American editor, novelist and poet

Stephanie M. Wytovich (/waɪˈtoʊvɪtʃ/ wye-TOH-vitch; born c. 1989) is an American editor, novelist and poet working in the horror genre.

==Life and career==
Stephanie M. Wytovich is from Pittsburgh, Pennsylvania. She graduated from Seton Hill University initially with her BA in English literature and art history before also completing an MFA in writing popular fiction. Wytovich works at Western Connecticut State University, Point Park University and Southern New Hampshire University. Wytovich also works as a book reviewer for Nameless Magazine and as poetry editor for Raw Dog Screaming Press. She writes horror novels and poetry and has been published in a number of magazines including Pedestal magazine and The Horror Zine. Her work has been collected in a number of books. She is a member of the Science Fiction Poetry Association and the Horror Writers Association.

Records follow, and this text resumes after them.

(* The conjugates u n := f_i ^ n * f_j * f_i ^ (- n), n : int, satisfy a linear
   recurrence: multiplying the Serre relation by f_i ^ n on the left and by
   f_i ^ (- n - N), N = 1 - a_ij, on the right gives
     prod_(t < N) (T - q_i ^ (N - 1 - 2 t)) u = 0,   (T u) n = u (n + 1),
   with q_i = 1 in the Kac-Moody case.  In the q-case the roots are distinct and
   u n = sum_t q_i ^ ((N - 1 - 2 t) n) z_t; in the Kac-Moody case they all equal 1
   and u n = sum_t binom(n, t) z_t.  The z_t are linear combinations of the u m,
   so they lie in the algebra generated by f_i, f_i^-1, f_j; substituting
   n = <beta, lambda> writes f_i^beta f_j f_i^-beta as a polynomial in beta
   (resp. q_i^beta, q_i^-beta) with such coefficients. *)

From HB Require Import structures.
From mathcomp Require Import all_boot all_order all_algebra.
From mathcomp Require Import Rstruct complex.
From mathcomp Require Import ring.
Set Implicit Arguments.
Unset Strict Implicit.
Unset Printing Implicit Defensive.
Import GRing.Theory Num.Theory.
Local Open Scope ring_scope.

Section IntRecurrence.
Variables (k : fieldType) (V : lmodType k).

Lemma int_recurrence_eq0 (g : int -> V) (a : k) : a != 0 -> g 0 = 0 ->
  (forall n, g (n + 1) = a *: g n) -> forall n, g n = 0.
Proof.
move=> a0 g0 gS; have gP n : g (n + 1) = 0 -> g n = 0.
  by rewrite gS => /eqP; rewrite scaler_eq0 (negPf a0) => /eqP.
case=> n; elim: n => [|n IHn] //.
- by rewrite -[n.+1]addn1 PoszD gS IHn scaler0.
- by apply: gP.
- by apply: gP; have -> : Negz n.+1 + 1 = Negz n by rewrite !NegzE; ring.
Qed.

End IntRecurrence.

Section ShiftOperator.
Variables (k : fieldType) (V : lmodType k).

Fixpoint qbinom (x : k) (N r : nat) : k :=
  match N, r with
  | 0, 0 => 1
  | 0, _ => 0
  | N'.+1, 0 => 1
  | N'.+1, r'.+1 => x^-1 ^+ r'.+1 * qbinom x N' r'.+1 + x ^+ (N' - r') * qbinom x N' r'
  end.

Lemma qbinom_gt (x : k) N r : (N < r)%N -> qbinom x N r = 0.
Proof.
elim: N r => [|N IHN] [|r] //= ltNr.
by rewrite (IHN r.+1 (ltnW ltNr)) (IHN r ltNr) !mulr0 addr0.
Qed.

Lemma qbinom0 (x : k) N : qbinom x N 0 = 1. Proof. by case: N. Qed.

Definition shift_sub (a : k) (u : int -> V) (n : int) : V := u (n + 1) - a *: u n.

Definition qshift_coef (x : k) (N : nat) (s : int) (r : nat) : k :=
  (-1) ^+ r * x ^ (r%:Z * (s - N%:Z + 1)) * qbinom x N r.

(* The expansion of prod_(t < N) (T - x ^ (s - 2 t)) u, where (T u) n = u (n + 1). *)
Definition qshift_op (x : k) (N : nat) (s : int) (u : int -> V) (n : int) : V :=
  \sum_(0 <= r < N.+1) qshift_coef x N s r *: u (n + (N - r)%N%:Z).

Lemma qshift_coef0 (x : k) N s : qshift_coef x N s 0 = 1.
Proof. by rewrite /qshift_coef qbinom0 expr0 mul0r expr0z !mul1r. Qed.

Lemma qshift_coefS (x : k) N s r : x != 0 ->
  qshift_coef x N.+1 s r.+1 =
    qshift_coef x N (s - 2) r.+1 - qshift_coef x N (s - 2) r * x ^ s.
Proof.
move=> x0; have ux : x \is a GRing.unit by rewrite unitfE.
rewrite /qshift_coef; case: (leqP r N) => rN; last first.
  rewrite (qbinom_gt x (ltnW rN : (N < r.+1)%N)) (qbinom_gt x rN).
  by rewrite (qbinom_gt x (rN : (N.+1 < r.+1)%N)) !mulr0 !mul0r subrr.
simpl qbinom.
have -> : x^-1 ^+ r.+1 = x ^ (- r.+1%:Z) by rewrite -exprz_inv.
have -> : x ^+ (N - r) = x ^ (N%:Z - r%:Z) by rewrite subzn.
rewrite exprS.
set q1 := qbinom x N r.+1; set q0 := qbinom x N r; set sg := (-1) ^+ r.
transitivity (- sg * (x ^ (r.+1%:Z * (s - N.+1%:Z + 1)) * x ^ (- r.+1%:Z)) * q1 +
  - sg * (x ^ (r.+1%:Z * (s - N.+1%:Z + 1)) * x ^ (N%:Z - r%:Z)) * q0).
  by ring.
rewrite -!exprzDr //.
have -> : r.+1%:Z * (s - N.+1%:Z + 1) + - r.+1%:Z = r.+1%:Z * (s - 2 - N%:Z + 1).
  by rewrite -[r.+1]addn1 -[N.+1]addn1 !PoszD; ring.
have -> : r.+1%:Z * (s - N.+1%:Z + 1) + (N%:Z - r%:Z) = r%:Z * (s - 2 - N%:Z + 1) + s.
  by rewrite -[r.+1]addn1 -[N.+1]addn1 !PoszD; ring.
by rewrite exprzDr //; ring.
Qed.

Lemma qshift_opS x N s u n : x != 0 ->
  qshift_op x N.+1 s u n = qshift_op x N (s - 2) (shift_sub (x ^ s) u) n.
Proof.
move=> x0; rewrite /qshift_op /shift_sub big_nat_recl //.
under eq_bigr => r _ do rewrite qshift_coefS // scalerBl subSS.
rewrite sumrB.
under [in RHS]eq_bigr => r _ do rewrite scalerBr scalerA.
rewrite [in RHS]sumrB addrA; congr (_ - _).
rewrite [in RHS]big_nat_recl // [in LHS]big_nat_recr //= !qshift_coef0 subn0 subnn.
rewrite {2}/qshift_coef (qbinom_gt x (ltnSn N)) mulr0 scale0r addr0 subn0.
rewrite -addrA -(addrC 1) -intS; congr (_ + _).
apply: eq_big_nat => r /andP [_ rN].
by rewrite -addrA -(addrC 1) -intS subnSK.
Qed.

Lemma shift_sub_geometric (a : k) (rho : nat -> k) N (z : nat -> V) u :
  a != 0 -> (forall t, rho t != 0) -> (forall t, rho t - a != 0) ->
  (forall n, shift_sub a u n = \sum_(0 <= t < N) rho t ^ n *: z t) ->
  forall n, u n = a ^ n *: (u 0 - \sum_(0 <= t < N) (rho t - a)^-1 *: z t)
                  + \sum_(0 <= t < N) rho t ^ n *: ((rho t - a)^-1 *: z t).
Proof.
move=> a0 rho0 rho_a uE; set w := u 0 - _.
pose R n := a ^ n *: w + \sum_(0 <= t < N) rho t ^ n *: ((rho t - a)^-1 *: z t).
have ua : a \is a GRing.unit by rewrite unitfE.
have RS n : R (n + 1) - a *: R n = shift_sub a u n.
  rewrite uE /R [a *: (_ + _)]scalerDr opprD addrACA.
  rewrite (exprzDr ua n 1) expr1z mulrC -scalerA subrr add0r scaler_sumr -sumrB.
  apply: eq_bigr => t _; rewrite !scalerA -scalerBl; congr (_ *: _).
  have ur : rho t \is a GRing.unit by rewrite unitfE.
  by have := rho_a t; rewrite (exprzDr ur n 1) expr1z => ?; field.
suff uR n : u n - R n = 0 by move=> n; apply/eqP; rewrite -subr_eq0 uR.
move: n; apply: (int_recurrence_eq0 a0).
  rewrite /R expr0z scale1r.
  under eq_bigr do rewrite expr0z scale1r.
  by rewrite /w subrK subrr.
move=> n; rewrite -[R (n + 1)](subrK (a *: R n)) RS /shift_sub.
by rewrite scalerBr opprD addrA subKr.
Qed.

Variable Q : V -> Prop.
Hypothesis QD : forall v w, Q v -> Q w -> Q (v + w).
Hypothesis QZ : forall (c : k) v, Q v -> Q (c *: v).

Lemma Q0 (v : V) : Q v -> Q 0.
Proof. by move=> /(QZ 0); rewrite scale0r. Qed.

Lemma Q_shift_sub a u : (forall n, Q (u n)) -> forall n, Q (shift_sub a u n).
Proof. by move=> Qu n; apply: QD => //; rewrite -scaleNr; apply: QZ. Qed.

Lemma Q_sum (N : nat) (z : nat -> V) : (forall t, Q (z t)) ->
  Q (\sum_(0 <= t < N) z t).
Proof. by move=> Qz; apply: (big_ind Q) => //; exact: Q0 (Qz 0%N). Qed.

Lemma qpow_sub_neq0 (x : k) (s : int) (t : nat) : x != 0 ->
  (forall j, (0 < j)%N -> x ^+ j != 1) -> x ^ (s - 2 - 2 * t%:Z) - x ^ s != 0.
Proof.
move=> x0 xj; have ux : x \is a GRing.unit by rewrite unitfE.
rewrite subr_eq0; apply/negP => /eqP E.
have : x ^ s * x ^ (- (t.*2.+2)%N%:Z) = x ^ s * 1.
  rewrite mulr1 -exprzDr // -E; congr (_ ^ _).
  by rewrite !intS -muln2 PoszM; ring.
move/(mulfI (expfz_neq0 s x0)); rewrite -exprnN => /eqP; rewrite invr_eq1.
by apply/negP/xj.
Qed.

(* As x is not a root of unity, the characteristic roots x ^ (s - 2 t) are distinct. *)
Lemma qshift_op_kernel (x : k) : x != 0 -> (forall j, (0 < j)%N -> x ^+ j != 1) ->
  forall N s u, (forall n, Q (u n)) -> (forall n, qshift_op x N s u n = 0) ->
  exists2 z : nat -> V, forall t, Q (z t) &
    forall n, u n = \sum_(0 <= t < N) (x ^ (s - 2 * t%:Z)) ^ n *: z t.
Proof.
move=> x0 xj; elim=> [|N IHN] s u Qu u0.
  exists (fun=> 0) => [t|n]; first exact: Q0 (Qu 0).
  by rewrite big_nil -(u0 n) /qshift_op big_nat1 qshift_coef0 scale1r subn0 addr0.
set a := x ^ s; pose rho t := x ^ (s - 2 - 2 * t%:Z).
have [z Qz Hz] : exists2 z : nat -> V, forall t, Q (z t) &
    forall n, shift_sub a u n = \sum_(0 <= t < N) rho t ^ n *: z t.
  by apply: IHN; [exact: Q_shift_sub | move=> n; rewrite -qshift_opS].
have uE := shift_sub_geometric (expfz_neq0 s x0) (fun t => expfz_neq0 _ x0)
  (fun t => qpow_sub_neq0 s t x0 xj) Hz.
exists (fun t => if t is t'.+1 then (rho t' - a)^-1 *: z t'
                 else u 0 - \sum_(0 <= t < N) (rho t - a)^-1 *: z t).
  case=> [|t]; last exact: QZ.
  by apply: QD => //; rewrite -scaleN1r; apply/QZ/Q_sum => t; apply: QZ.
move=> n; rewrite uE big_nat_recl // mulr0 subr0; congr (_ + _).
by apply: eq_bigr => t _; rewrite /rho intS; congr ((x ^ _) ^ n *: _); ring.
Qed.

End ShiftOperator.

Section BinomialSolutions.
Variables (k : numFieldType) (V : lmodType k).

Definition ibinom (n : int) (t : nat) : k :=
  (\prod_(0 <= r < t) (n%:~R - r%:R)) / (t`!)%:R.

Lemma ibinom0 n : ibinom n 0 = 1.
Proof. by rewrite /ibinom big_geq // fact0 divr1. Qed.

Lemma ibinom0S t : ibinom 0 t.+1 = 0.
Proof. by rewrite /ibinom big_nat_recl // subrr !mul0r. Qed.

Lemma ibinomS n t : ibinom (n + 1) t.+1 - ibinom n t.+1 = ibinom n t.
Proof.
rewrite /ibinom big_nat_recl // [in X in _ - X]big_nat_recr //= factS natrM.
under eq_bigr => r _ do rewrite intrD -addn1 natrD opprD addrACA subrr addr0.
have tf0 : (t`!)%:R != 0 :> k by rewrite pnatr_eq0 -lt0n fact_gt0.
have t10 : (t.+1)%:R != 0 :> k by rewrite pnatr_eq0.
rewrite intrD subr0; set P := \prod_(0 <= r < t) _.
by field; rewrite tf0 addrC natr1 t10.
Qed.

Lemma shift_sub1_binomial N (z : nat -> V) u :
  (forall n, shift_sub 1 u n = \sum_(0 <= t < N) ibinom n t *: z t) ->
  forall n, u n = u 0 + \sum_(0 <= t < N) ibinom n t.+1 *: z t.
Proof.
move=> uE; pose R n := u 0 + \sum_(0 <= t < N) ibinom n t.+1 *: z t.
have RS n : R (n + 1) - R n = shift_sub 1 u n.
  rewrite uE /R opprD addrACA subrr add0r -sumrB.
  by apply: eq_bigr => t _; rewrite -scalerBl ibinomS.
suff uR n : u n - R n = 0 by move=> n; apply/eqP; rewrite -subr_eq0 uR.
move: n; apply: (int_recurrence_eq0 (oner_neq0 k)).
  rewrite /R big1 ?addr0 ?subrr // => t _.
  by rewrite ibinom0S scale0r.
move=> n; rewrite -[R (n + 1)](subrK (R n)) RS /shift_sub !scale1r.
by rewrite opprD addrA subKr.
Qed.

Variable Q : V -> Prop.
Hypothesis QD : forall v w, Q v -> Q w -> Q (v + w).
Hypothesis QZ : forall (c : k) v, Q v -> Q (c *: v).

Lemma shift1_op_kernel N s u : (forall n, Q (u n)) ->
  (forall n, qshift_op 1 N s u n = 0) ->
  exists2 z : nat -> V, forall t, Q (z t) &
    forall n, u n = \sum_(0 <= t < N) ibinom n t *: z t.
Proof.
elim: N s u => [|N IHN] s u Qu u0.
  exists (fun=> 0) => [t|n]; first exact: (@Q0 k V Q QZ _ (Qu 0)).
  by rewrite big_nil -(u0 n) /qshift_op big_nat1 qshift_coef0 scale1r subn0 addr0.
have [z Qz Hz] : exists2 z : nat -> V, forall t, Q (z t) &
    forall n, shift_sub 1 u n = \sum_(0 <= t < N) ibinom n t *: z t.
  apply: (IHN (s - 2)); first exact: (@Q_shift_sub k V Q QD QZ).
  by move=> n; rewrite -(u0 n) qshift_opS ?oner_neq0 ?exp1rz.
exists (fun t => if t is t'.+1 then z t' else u 0); first by case.
by move=> n; rewrite big_nat_recl // ibinom0 scale1r -shift_sub1_binomial.
Qed.

End BinomialSolutions.

Section QFactorial.
Variable k : fieldType.

Definition qintr (x : k) (n : nat) : k := (x ^+ n - x ^- n) / (x - x^-1).
Definition qfactr (x : k) (n : nat) : k := \prod_(1 <= r < n.+1) qintr x r.

Lemma qintr0 (x : k) : qintr x 0 = 0.
Proof. by rewrite /qintr expr0 invr1 subrr mul0r. Qed.

Lemma qintrD (x : k) a b : x != 0 -> x - x^-1 != 0 ->
  qintr x (a + b) = x^-1 ^+ b * qintr x a + x ^+ a * qintr x b.
Proof.
move=> x0 x1; rewrite /qintr exprD !exprVn.
have xa : x ^+ a != 0 by rewrite expf_neq0.
have xb : x ^+ b != 0 by rewrite expf_neq0.
have x2 : x * x - 1 != 0 by rewrite -(mulfV x0) -mulrBr mulf_neq0.
by field; rewrite x0 x2 xa xb.
Qed.

Lemma qfactr0 (x : k) : qfactr x 0 = 1.
Proof. by rewrite /qfactr big_geq. Qed.

Lemma qfactrS (x : k) n : qfactr x n.+1 = qfactr x n * qintr x n.+1.
Proof. by rewrite /qfactr big_nat_recr. Qed.

Lemma qfactr_neq0 (x : k) : x != 0 -> (forall j, (0 < j)%N -> x ^+ j != 1) ->
  forall n, qfactr x n != 0.
Proof.
move=> x0 xj; have qnum_neq0 t : (0 < t)%N -> x ^+ t - x ^- t != 0.
  move=> t0; rewrite subr_eq0; apply/negP => /eqP E.
  have : x ^+ t * x ^+ t = 1 by rewrite {1}E mulVf // expf_neq0.
  by rewrite -exprD; apply/eqP/xj; rewrite addn_gt0 t0.
elim=> [|n IHn]; first by rewrite qfactr0 oner_neq0.
rewrite qfactrS mulf_neq0 // /qintr mulf_neq0 ?qnum_neq0 // invr_eq0.
by have := qnum_neq0 1%N isT; rewrite expr1.
Qed.

Lemma qbinom_qfactr (x : k) N r : x != 0 -> x - x^-1 != 0 -> (r <= N)%N ->
  qbinom x N r * (qfactr x (N - r) * qfactr x r) = qfactr x N.
Proof.
move=> x0 x1; elim: N r => [|N IHN] [|r] //=.
- by move=> _; rewrite !qfactr0 !mul1r.
- by move=> _; rewrite subn0 qfactr0 mul1r mulr1.
move=> rN; rewrite subSS qfactrS.
have T0 : x ^+ (N - r) * qbinom x N r * (qfactr x (N - r) * (qfactr x r * qintr x r.+1))
    = x ^+ (N - r) * qfactr x N * qintr x r.+1.
  by rewrite -(IHN r rN); ring.
have T1 : x^-1 ^+ r.+1 * qbinom x N r.+1 * (qfactr x (N - r) * (qfactr x r * qintr x r.+1))
    = x^-1 ^+ r.+1 * qfactr x N * qintr x (N - r).
  case: (ltnP r N) => rN'.
    rewrite -(IHN r.+1 rN') -qfactrS -(subnSK rN') (qfactrS x (N - r.+1)); ring.
  have -> : r = N by apply/eqP; rewrite eqn_leq rN' andbT.
  by rewrite qbinom_gt // subnn qintr0 !mulr0 mul0r.
rewrite mulrDl T1 T0 qfactrS.
have -> : N.+1 = ((N - r) + r.+1)%N by rewrite addnS subnK.
by rewrite qintrD //; ring.
Qed.

Lemma qbinom1 N r : qbinom (1 : k) N r = ('C(N, r))%:R.
Proof.
elim: N r => [|N IHN] [|r] //=.
by rewrite invr1 !expr1n !mul1r !IHN binS natrD.
Qed.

Wytovich won the 2017 Bram Stoker Award for her collection Brothel. Her work has been nominated almost every year since 2014. In 2017 Wytovich won the Rocky Wood Memorial Scholarship for Non-Fiction.

==Bibliography==

=== Novels ===
- The Eighth (2016) – ISBN 978-1626411920

=== Collections ===
- Hysteria: A Collection of Madness (2013) – ISBN 978-1935738497
- Mourning Jewelry (2014) – ISBN 978-1935738633
- An Exorcism of Angels (2015) – ISBN 978-1935738725
- Brothel (2016) – ISBN 978-1935738831
- Sheet Music to My Acoustic Nightmare (2017) – ISBN 978-1947879003
- The Apocalyptic Mannequin (2019) – ISBN 978-1947879133

=== Anthologies, as editor ===
==== HWA Poetry Showcase ====
- Poetry Showcase: Volume V (2018)
- Poetry Showcase: Volume VI (2019)
- Poetry Showcase: Volume VII (2020)
- Poetry Showcase: Volume VIII (2021)

=== Anthologies, as contributor ===
- The Best Horror of the Year: Volume 8 (2016)
  - "The 21st Century Shadow" (poem)
- Year's Best Hardcore Horror: Volume 2 (2017)
  - Select poems from Brothel
  - "On This Side of Bloodletting" (short fiction)
- Fantastic Tales of Terror (2018)
  - "The Girl with the Death Mask" (short fiction)
- Tales from the Lake: Volume 5 (2018)
  - "From the Mouths of Plague-Mongers" (poem)
  - "The Monster Told Me To" (short fiction)
- Miscreations: Gods, Monstrosities & Other Horrors (2020)
  - "A Benediction of Corpses" (short fiction)
- Attack from the '80s (2021)
  - "Mother Knows Best" (short fiction)

=== Short fiction ===

- "Vines Are in Her Wardrobe" (2015)
- "On This Side of Bloodletting" (2016)
- "The Girl with the Death Mask" (2018)
- "The Monster Told Me To" (2018)
- "A Benediction of Corpses" (2020)
- "Mother Knows Best" (2021)

== Awards ==

=== Literary awards ===

| Award | Category | Year | Nominated work | Result | Ref |
| Bram Stoker Awards | BSA–First Novel | 2017 | The Eighth | Nominated |  |
| BSA–Poetry Collection | 2014 | Hysteria: A Collection of Madness | Nominated |  |
| 2015 | Mourning Jewelry | Nominated |  |
| 2016 | An Exorcism of Angels | Nominated |  |
| 2017 | Brothel | Won |  |
| 2018 | Sheet Music to My Acoustic Nightmare | Nominated |  |
| 2020 | The Apocalyptic Mannequin | Nominated |  |
| Elgin Awards | Best Poetry Book | 2015 | Mourning Jewelry | Nominated |  |

=== Other honors ===

- Horror Writers Association Rocky Wood Memorial Scholarship for Non-Fiction (2017) (co-winner)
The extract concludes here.